**Work to be completed:** Retype, word for word, every line from the one holding "intros f H N." through the one holding "pose proof (Rabs_pos (f (- Z.of_nat" in the entries below, both included, and only those lines.

[Records from a data source]
# # # #
Lemma Zbounded_by_term f B k : Zbounded_by f B -> Rabs (f k) <= B.
Proof.
  intros H. eapply Rle_trans; [|apply (H (Z.abs_nat k))].
  pose proof (zpart_indicator k (Rabs (f k)) (Z.abs_nat k)) as E.
  rewrite in_window_large in E by lia. rewrite <- E. apply zpart_le.
  intros d; destruct (Z.eq_dec d k); [subst; lra | apply Rabs_pos].
Qed.

Lemma Zsummable_bounded X : Zsummable X -> exists M, forall j, Rabs (X j) <= M.
Proof. intros [B HB]; exists B; intros; apply Zbounded_by_term, HB. Qed.

Lemma Zsum_window f K : Zsum (fun d => if in_window K d then f d else 0) = zpart f K.
Proof.
  apply Zsum_unique, (Un_cv_eventually_const _ _ K). intros N HN.
  rewrite (zpart_eventually_const _ K) by (auto; intros d Hd; rewrite Hd; auto).
  apply zpart_ext_window; intros d Hd; rewrite Hd; auto.
Qed.

Lemma Zsummable_window f K : Zsummable (fun d => if in_window K d then f d else 0).
Proof.
  exists (zpart (fun d => Rabs (if in_window K d then f d else 0)) K). intros N.
  destruct (le_lt_dec K N).
  - right; apply zpart_eventually_const; auto. intros d Hd; rewrite Hd; apply Rabs_R0.
  - apply zpart_incr; [intros; apply Rabs_pos | lia].
Qed.

Lemma Zbounded_by_shift f B z : Zbounded_by f B -> Zbounded_by (fun k => f (k + z)%Z) B.
Proof.
  assert (Hsucc : forall f, Zbounded_by f B -> Zbounded_by (fun k => f (k + 1)%Z) B).
  { intros g H N. rewrite (zpart_shift_succ (fun k => Rabs (g k))).
    specialize (H (S N)); rewrite zpart_S in H.
    pose proof (Rabs_pos (g (- Z.of_nat (S (S N)))%Z)); pose proof (Rabs_pos (g (- Z.of_nat (S N)))%Z).
    lra. }
  assert (Hpred : forall f, Zbounded_by f B -> Zbounded_by (fun k => f (k - 1)%Z) B).
  { intros g H N. rewrite (zpart_shift_pred (fun k => Rabs (g k))).
    specialize (H (S N)); rewrite zpart_S in H.
    pose proof (Rabs_pos (g (Z.of_nat (S N)))); pose proof (Rabs_pos (g (Z.of_nat N))). lra. }
  revert f; induction z as [|z IHz|z IHz] using Z.peano_ind; intros f H N.
  - eapply Rle_trans; [right | apply (H N)].
    apply zpart_ext; intros; rewrite Z.add_0_r; auto.
  - eapply Rle_trans; [right | apply (IHz _ (Hsucc f H) N)].
    apply zpart_ext; intros; do 2 f_equal; lia.
  - eapply Rle_trans; [right | apply (IHz _ (Hpred f H) N)].
    apply zpart_ext; intros; do 2 f_equal; lia.
Qed.

Lemma Zsummable_shift f z : Zsummable f -> Zsummable (fun k => f (k + z)%Z).
Proof. intros [B H]; exists B; apply Zbounded_by_shift, H. Qed.

Lemma Zsummable_tails f :
  Zsummable f -> Un_cv (fun N => f (Z.of_nat N)) 0 /\ Un_cv (fun N => f (- Z.of_nat N)%Z) 0.
Proof.
  intros Hf. pose proof (Zsum_cv _ (Zsummable_abs f Hf)) as Hc.
  split; intros e He; destruct (Hc (e / 2)) as [N0 HN0]; try lra.
  - exists (S N0); intros n Hn; destruct n; [lia|].
    pose proof (HN0 (S n) ltac:(lia)) as H1; pose proof (HN0 n ltac:(lia)) as H2.
    rewrite zpart_S in H1. unfold Rdist in *. rewrite Rminus_0_r.
    pose proof (Rabs_pos (f (- Z.of_nat (S (S n)))%Z)).
    apply Rabs_def2 in H1; apply Rabs_def2 in H2; lra.
  - exists (S (S N0)); intros n Hn; do 2 (destruct n; [lia|]).
    pose proof (HN0 (S n) ltac:(lia)) as H1; pose proof (HN0 n ltac:(lia)) as H2.
    rewrite zpart_S in H1. unfold Rdist in *. rewrite Rminus_0_r.
    pose proof (Rabs_pos (f (Z.of_nat (S n)))).
    apply Rabs_def2 in H1; apply Rabs_def2 in H2; lra.
Qed.

Lemma Zsum_shift f z : Zsummable f -> Zsum (fun k => f (k + z)%Z) = Zsum f.
Proof.
  assert (Hsucc : forall f, Zsummable f -> Zsum (fun k => f (k + 1)%Z) = Zsum f).
  { intros g Hg. apply Zsum_unique. destruct (Zsummable_tails g Hg) as [T1 T2].
    intros e He.
    destruct (CV_plus _ _ _ _ (CV_minus _ _ _ _ (Zsum_cv g Hg) (Un_cv_S _ _ T2)) (Un_cv_S _ _ T1) e He)
      as [N HN].
    exists N; intros n Hn. rewrite zpart_shift_succ.
    specialize (HN n Hn); simpl in HN. rewrite Rminus_0_r, Rplus_0_r in HN. exact HN. }
  assert (Hpred : forall f, Zsummable f -> Zsum (fun k => f (k - 1)%Z) = Zsum f).
  { intros g Hg. apply Zsum_unique. destruct (Zsummable_tails g Hg) as [T1 T2].
    intros e He.
    destruct (CV_plus _ _ _ _ (CV_minus _ _ _ _ (Zsum_cv g Hg) T1) (Un_cv_S _ _ (Un_cv_S _ _ T2)) e He)
      as [N HN].
    exists N; intros n Hn. rewrite zpart_shift_pred.
    specialize (HN n Hn); simpl in HN. rewrite Rminus_0_r, Rplus_0_r in HN. exact HN. }
  revert f; induction z as [|z IHz|z IHz] using Z.peano_ind; intros f H.
  - apply Zsum_ext; intros; rewrite Z.add_0_r; auto.
  - rewrite <- (Hsucc f H), <- (IHz (fun k => f (k + 1)%Z)) by (apply Zsummable_shift; auto).
    apply Zsum_ext; intros; f_equal; lia.
  - rewrite <- (Hpred f H), <- (IHz (fun k => f (k - 1)%Z))
      by (apply (Zsummable_ext (fun k => f (k + -1)%Z)); [reflexivity | apply Zsummable_shift; auto]).
    apply Zsum_ext; intros; f_equal; lia.
Qed.

Definition vanishes_at_neg_inf (w : Z -> R) : Prop :=
  forall e, 0 < e -> exists K, forall i, (i <= K)%Z -> Rabs (w i) < e.

Lemma Zsummable_vanishes f : Zsummable f -> vanishes_at_neg_inf f.
Proof.
  intros Hf e He. destruct (proj2 (Zsummable_tails f Hf) e He) as [N HN].
  exists (- Z.of_nat N)%Z; intros i Hi. specialize (HN (Z.to_nat (- i)) ltac:(lia)).
  unfold Rdist in HN; rewrite Rminus_0_r in HN.
  replace (- Z.of_nat (Z.to_nat (- i)))%Z with i in HN by lia. exact HN.
Qed.

Lemma zpart_Zsum_swap (H : Z -> Z -> R) N : (forall i, Zsummable (H i)) ->
  Zsummable (fun j => zpart (fun i => H i j) N) /\
  zpart (fun i => Zsum (H i)) N = Zsum (fun j => zpart (fun i => H i j) N).
Proof.
  intros Hs. induction N as [|N [IH1 IH2]].
  - split.
    + eapply Zsummable_ext; [|apply (Zsummable_plus _ _ (Hs 0%Z) (Hs (-1)%Z))]. reflexivity.
    + rewrite zpart_0, <- Zsum_plus by auto. reflexivity.
  - split.
    + eapply Zsummable_ext; [|apply (Zsummable_plus _ _ IH1
        (Zsummable_plus _ _ (Hs (Z.of_nat (S N))) (Hs (- Z.of_nat (S (S N)))%Z)))].
      reflexivity.
    + rewrite zpart_S, IH2, <- (Zsum_plus (H _)), <- Zsum_plus by (try apply Zsummable_plus; auto).
      reflexivity.
Qed.

Definition upto_part (g : Z -> R) (i : Z) (M : nat) : R :=
  sum_f_R0 (fun k => g (i - Z.of_nat k)%Z) M.

Lemma upto_part_abs_le g B i M :
  Zbounded_by g B -> sum_f_R0 (fun k => Rabs (g (i - Z.of_nat k)%Z)) M <= B.
Proof.
  intros H. eapply Rle_trans; [|apply (Zbounded_by_shift g B (i + 1) H M)].
  unfold zpart. apply sum_Rle; intros k _.
  replace (- Z.of_nat (S k) + (i + 1))%Z with (i - Z.of_nat k)%Z by lia.
  pose proof (Rabs_pos (g (Z.of_nat k + (i + 1))%Z)); lra.
Qed.

Lemma Zsum_upto_cv g i : Zsummable g -> Un_cv (upto_part g i) (Zsum_upto g i).
Proof.
  intros [B H]. destruct (series_cv_abs_bounded (fun k => g (i - Z.of_nat k)%Z) B) as [l Hl].
  { intros; apply upto_part_abs_le; auto. }
  unfold Zsum_upto; rewrite (seq_lim_spec _ l); auto.
Qed.

Lemma Zsum_upto_unique g i l : Un_cv (upto_part g i) l -> Zsum_upto g i = l.
Proof. apply seq_lim_spec. Qed.

Lemma upto_part_S g i M : upto_part g i (S M) = g i + upto_part g (i - 1)%Z M.
Proof.
  unfold upto_part. rewrite decomp_sum by lia. simpl pred. rewrite Z.sub_0_r. f_equal.
  apply sum_eq; intros; f_equal; lia.
Qed.

Lemma Zsum_upto_rec g i : Zsummable g -> Zsum_upto g i = g i + Zsum_upto g (i - 1)%Z.
Proof.
  intros Hg.
  assert (H : Un_cv (upto_part g (i - 1)) (Zsum_upto g i - g i)).
  { intros e He; destruct (Un_cv_S _ _ (Zsum_upto_cv g i Hg) e He) as [N HN].
    exists N; intros n Hn; specialize (HN n Hn).
    rewrite upto_part_S in HN; unfold Rdist in *.
    replace (upto_part g (i - 1) n - (Zsum_upto g i - g i))
      with (g i + upto_part g (i - 1) n - Zsum_upto g i) by ring. auto. }
  rewrite (UL_sequence _ _ _ (Zsum_upto_cv g (i - 1) Hg) H). ring.
Qed.

Lemma Zsum_upto_abs_le g B i : Zbounded_by g B -> Rabs (Zsum_upto g i) <= B.
Proof.
  intros H. eapply Rle_cv_lim; [| apply Un_cv_abs, Zsum_upto_cv; exists B; exact H | apply Un_cv_const].
  intros n; eapply Rle_trans; [apply Rsum_abs | apply upto_part_abs_le, H].
Qed.

Lemma Zsum_upto_abs g i : Zsummable g -> Rabs (Zsum_upto g i) <= Zsum_upto (fun k => Rabs (g k)) i.
Proof.
  intros Hs. eapply Rle_cv_lim; [intro; apply Rsum_abs | |].
  - exact (Un_cv_abs _ _ (Zsum_upto_cv g i Hs)).
  - exact (Zsum_upto_cv _ i (Zsummable_abs _ Hs)).
Qed.

Lemma Zsum_upto_nonneg_mono x i j : Zsummable x -> (forall k, 0 <= x k) ->
  Zsum_upto x (i - Z.of_nat j) <= Zsum_upto x i.
Proof.
  intros Hx Hpos; induction j as [|j IH]; [rewrite Z.sub_0_r; lra|].
  pose proof (Zsum_upto_rec x (i - Z.of_nat j) Hx) as E.
  replace (i - Z.of_nat (S j))%Z with (i - Z.of_nat j - 1)%Z by lia.
  pose proof (Hpos (i - Z.of_nat j)%Z); lra.
Qed.

Lemma Zsum_upto_neg x m : Zsummable x ->
  Zsum_upto x (- Z.of_nat (S m))%Z = Zsum_upto x 0 - upto_part x 0 m.
Proof.
  intros Hx; induction m as [|m IH].
  - rewrite (Zsum_upto_rec x 0) by auto. unfold upto_part; simpl. ring.
  - pose proof (Zsum_upto_rec x (- Z.of_nat (S m)) Hx) as E.
    replace (- Z.of_nat (S m) - 1)%Z with (- Z.of_nat (S (S m)))%Z in E by lia.
    unfold upto_part in *; rewrite tech5.
    replace (0 - Z.of_nat (S m))%Z with (- Z.of_nat (S m))%Z by lia. lra.
Qed.

Lemma Zsum_upto_vanishes g : Zsummable g -> vanishes_at_neg_inf (Zsum_upto g).
Proof.
  intros Hs e He.
  set (x := fun k => Rabs (g k)).
  assert (Hx : Zsummable x) by (apply Zsummable_abs; auto).
  assert (Hxpos : forall k, 0 <= x k) by (intro; apply Rabs_pos).
  destruct (Zsum_upto_cv x 0 Hx e He) as [M0 HM0].
  specialize (HM0 M0 (le_n _)); unfold Rdist in HM0; apply Rabs_def2 in HM0.
  exists (- Z.of_nat (S M0))%Z. intros i Hi.
  eapply Rle_lt_trans; [apply Zsum_upto_abs; auto|]. fold x.
  replace i with (- Z.of_nat (S M0) - Z.of_nat (Z.to_nat (- Z.of_nat (S M0) - i)))%Z by lia.
  eapply Rle_lt_trans; [apply Zsum_upto_nonneg_mono; auto|].
  rewrite Zsum_upto_neg by auto. lra.
Qed.

Lemma Zsum_mul_window_le h X M e K : Zsummable h -> (forall k, Rabs (X k) <= M) -> 0 <= e ->
  (forall d, in_window K d = true -> Rabs (X d) <= e) ->
  Rabs (Zsum (fun d => h d * X d))
  <= e * Zsum (fun d => Rabs (h d)) + M * (Zsum (fun d => Rabs (h d)) - zpart (fun d => Rabs (h d)) K).
Proof.
  intros Hh HX He Hin.
  set (x := fun d => Rabs (h d)); set (xin := fun d => if in_window K d then x d else 0).
  assert (Hx : Zsummable x) by (apply Zsummable_abs; auto).
  assert (Hprod : Zsummable (fun d => h d * X d)) by (apply (Zsummable_mul_bounded h _ M); auto).
  eapply Rle_trans; [apply Zsum_abs, Hprod|].
  eapply Rle_trans.
  { apply (Zsum_le _ (fun d => e * x d + M * (x d - xin d))).
    - apply Zsummable_abs, Hprod.
    - apply Zsummable_plus; apply Zsummable_scal; [|apply Zsummable_minus, Zsummable_window]; auto.
    - intros d. rewrite Rabs_mult. fold (x d). unfold xin.
      assert (Hxd : 0 <= x d) by apply Rabs_pos.
      destruct (in_window K d) eqn:Ed.
      + rewrite Rminus_diag, Rmult_0_r, Rplus_0_r, (Rmult_comm e).
        apply Rmult_le_compat_l; auto.
      + rewrite Rminus_0_r, (Rmult_comm M).
        pose proof (Rmult_le_compat_l _ _ _ Hxd (HX d)). pose proof (Rmult_le_pos _ _ He Hxd). lra. }
  rewrite Zsum_plus, !Zsum_scal, Zsum_minus by
    (try apply Zsummable_minus; try apply Zsummable_scal; try apply Zsummable_minus;
     try apply Zsummable_window; auto).
  unfold xin; rewrite Zsum_window. apply Rle_refl.
Qed.

Lemma Zsum_mul_shift_vanishes h X M : Zsummable h -> (forall k, Rabs (X k) <= M) ->
  vanishes_at_neg_inf X -> vanishes_at_neg_inf (fun m => Zsum (fun d => h d * X (d + m)%Z)).
Proof.
  intros Hh HX HT e He.
  set (x := fun d => Rabs (h d)).
  assert (Hx : Zsummable x) by (apply Zsummable_abs; auto).
  set (Hs := Zsum x).
  assert (HHs : 0 <= Hs) by (apply Zsum_nonneg; auto; intro; apply Rabs_pos).
  assert (HM : 0 <= M) by (pose proof (HX 0%Z); pose proof (Rabs_pos (X 0%Z)); lra).
  set (e1 := e / (Hs + M + 1)).
  assert (He1 : 0 < e1) by (apply Rdiv_lt_0_compat; lra).
  assert (E1 : e1 * (Hs + M + 1) = e) by (unfold e1; field; lra).
  destruct (Zsum_cv x Hx e1 He1) as [K HK]. specialize (HK K (le_n _)). unfold Rdist in HK.
  assert (HK' : Hs - zpart x K < e1).
  { pose proof (zpart_le_Zsum x K Hx (fun d => Rabs_pos (h d))).
    apply Rabs_def2 in HK; unfold Hs in *; lra. }
  destruct (HT e1 He1) as [T HT1].
  exists (T - Z.of_nat K)%Z. intros m Hm.
  eapply Rle_lt_trans; [apply (Zsum_mul_window_le h (fun d => X (d + m)%Z) M e1 K); auto; try lra|].
  - intros d Hd; apply in_window_spec in Hd. left; apply HT1; lia.
  - fold x Hs. assert (M * (Hs - zpart x K) <= M * e1) by (apply Rmult_le_compat_l; lra). nra.
Qed.

Lemma zpart_matrix_apply_le (A : Z -> Z -> R) (y : Z -> R) N :
  (forall j N, zpart (fun i => A i j) N <= 1) ->
  (forall i, Zsummable (fun j => A i j * y j)) -> Zsummable y -> (forall j, 0 <= y j) ->
  zpart (fun i => Zsum (fun j => A i j * y j)) N <= Zsum y.
Proof.
  intros Hcol Hrow Hy Hy0.
  destruct (zpart_Zsum_swap (fun i j => A i j * y j) N Hrow) as [Hs ->].
  apply Zsum_le; auto. intros j.
  rewrite (zpart_ext _ (fun i => y j * A i j)) by (intros; ring).
  rewrite zpart_scal. specialize (Hcol j N). specialize (Hy0 j). nra.
Qed.

Definition band (t : Z) (x : Z -> R) (i j : Z) : R := if Z.eq_dec j (i + t) then x j else 0.

Lemma band_mul_ext t x y i :
  forall j, band t x i j * y j = if Z.eq_dec j (i + t) then x j * y j else 0.
Proof. intros j; unfold band; destruct (Z.eq_dec j (i + t)); ring. Qed.

Lemma Zsummable_band_mul t x y i : Zsummable (fun j => band t x i j * y j).
Proof.
  apply (Zsummable_ext (fun j => if Z.eq_dec j (i + t) then x (i + t)%Z * y (i + t)%Z else 0));
    [|apply Zsummable_indicator].
  intros j; rewrite band_mul_ext; destruct (Z.eq_dec j (i + t)); subst; reflexivity.
Qed.

Lemma Zsum_band_mul t x y i : Zsum (fun j => band t x i j * y j) = x (i + t)%Z * y (i + t)%Z.
Proof.
  rewrite <- (Zsum_indicator (i + t) (x (i + t)%Z * y (i + t)%Z)).
  apply Zsum_ext; intros j; rewrite band_mul_ext; destruct (Z.eq_dec j (i + t)); subst; reflexivity.
Qed.

Lemma zpart_band_le t x j N : 0 <= x j -> zpart (fun i => band t x i j) N <= x j.
Proof.
  intros Hx. unfold band. rewrite (zpart_ext _ (fun i => if Z.eq_dec i (j - t) then x j else 0)).
  - rewrite zpart_indicator; destruct (in_window N (j - t)); lra.
  - intros i; destruct (Z.eq_dec j (i + t)), (Z.eq_dec i (j - t)); auto; lia.
Qed.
# # # #
**Exercise output:**
  revert f; induction z as [|z IHz|z IHz] using Z.peano_ind; intros f H N.
  - eapply Rle_trans; [right | apply (H N)].
    apply zpart_ext; intros; rewrite Z.add_0_r; auto.
  - eapply Rle_trans; [right | apply (IHz _ (Hsucc f H) N)].
    apply zpart_ext; intros; do 2 f_equal; lia.
  - eapply Rle_trans; [right | apply (IHz _ (Hpred f H) N)].
    apply zpart_ext; intros; do 2 f_equal; lia.
Qed.

Lemma Zsummable_shift f z : Zsummable f -> Zsummable (fun k => f (k + z)%Z).
Proof. intros [B H]; exists B; apply Zbounded_by_shift, H. Qed.

Lemma Zsummable_tails f :
  Zsummable f -> Un_cv (fun N => f (Z.of_nat N)) 0 /\ Un_cv (fun N => f (- Z.of_nat N)%Z) 0.
Proof.
  intros Hf. pose proof (Zsum_cv _ (Zsummable_abs f Hf)) as Hc.
  split; intros e He; destruct (Hc (e / 2)) as [N0 HN0]; try lra.
  - exists (S N0); intros n Hn; destruct n; [lia|].
    pose proof (HN0 (S n) ltac:(lia)) as H1; pose proof (HN0 n ltac:(lia)) as H2.
    rewrite zpart_S in H1. unfold Rdist in *. rewrite Rminus_0_r.
    pose proof (Rabs_pos (f (- Z.of_nat (S (S n)))%Z)).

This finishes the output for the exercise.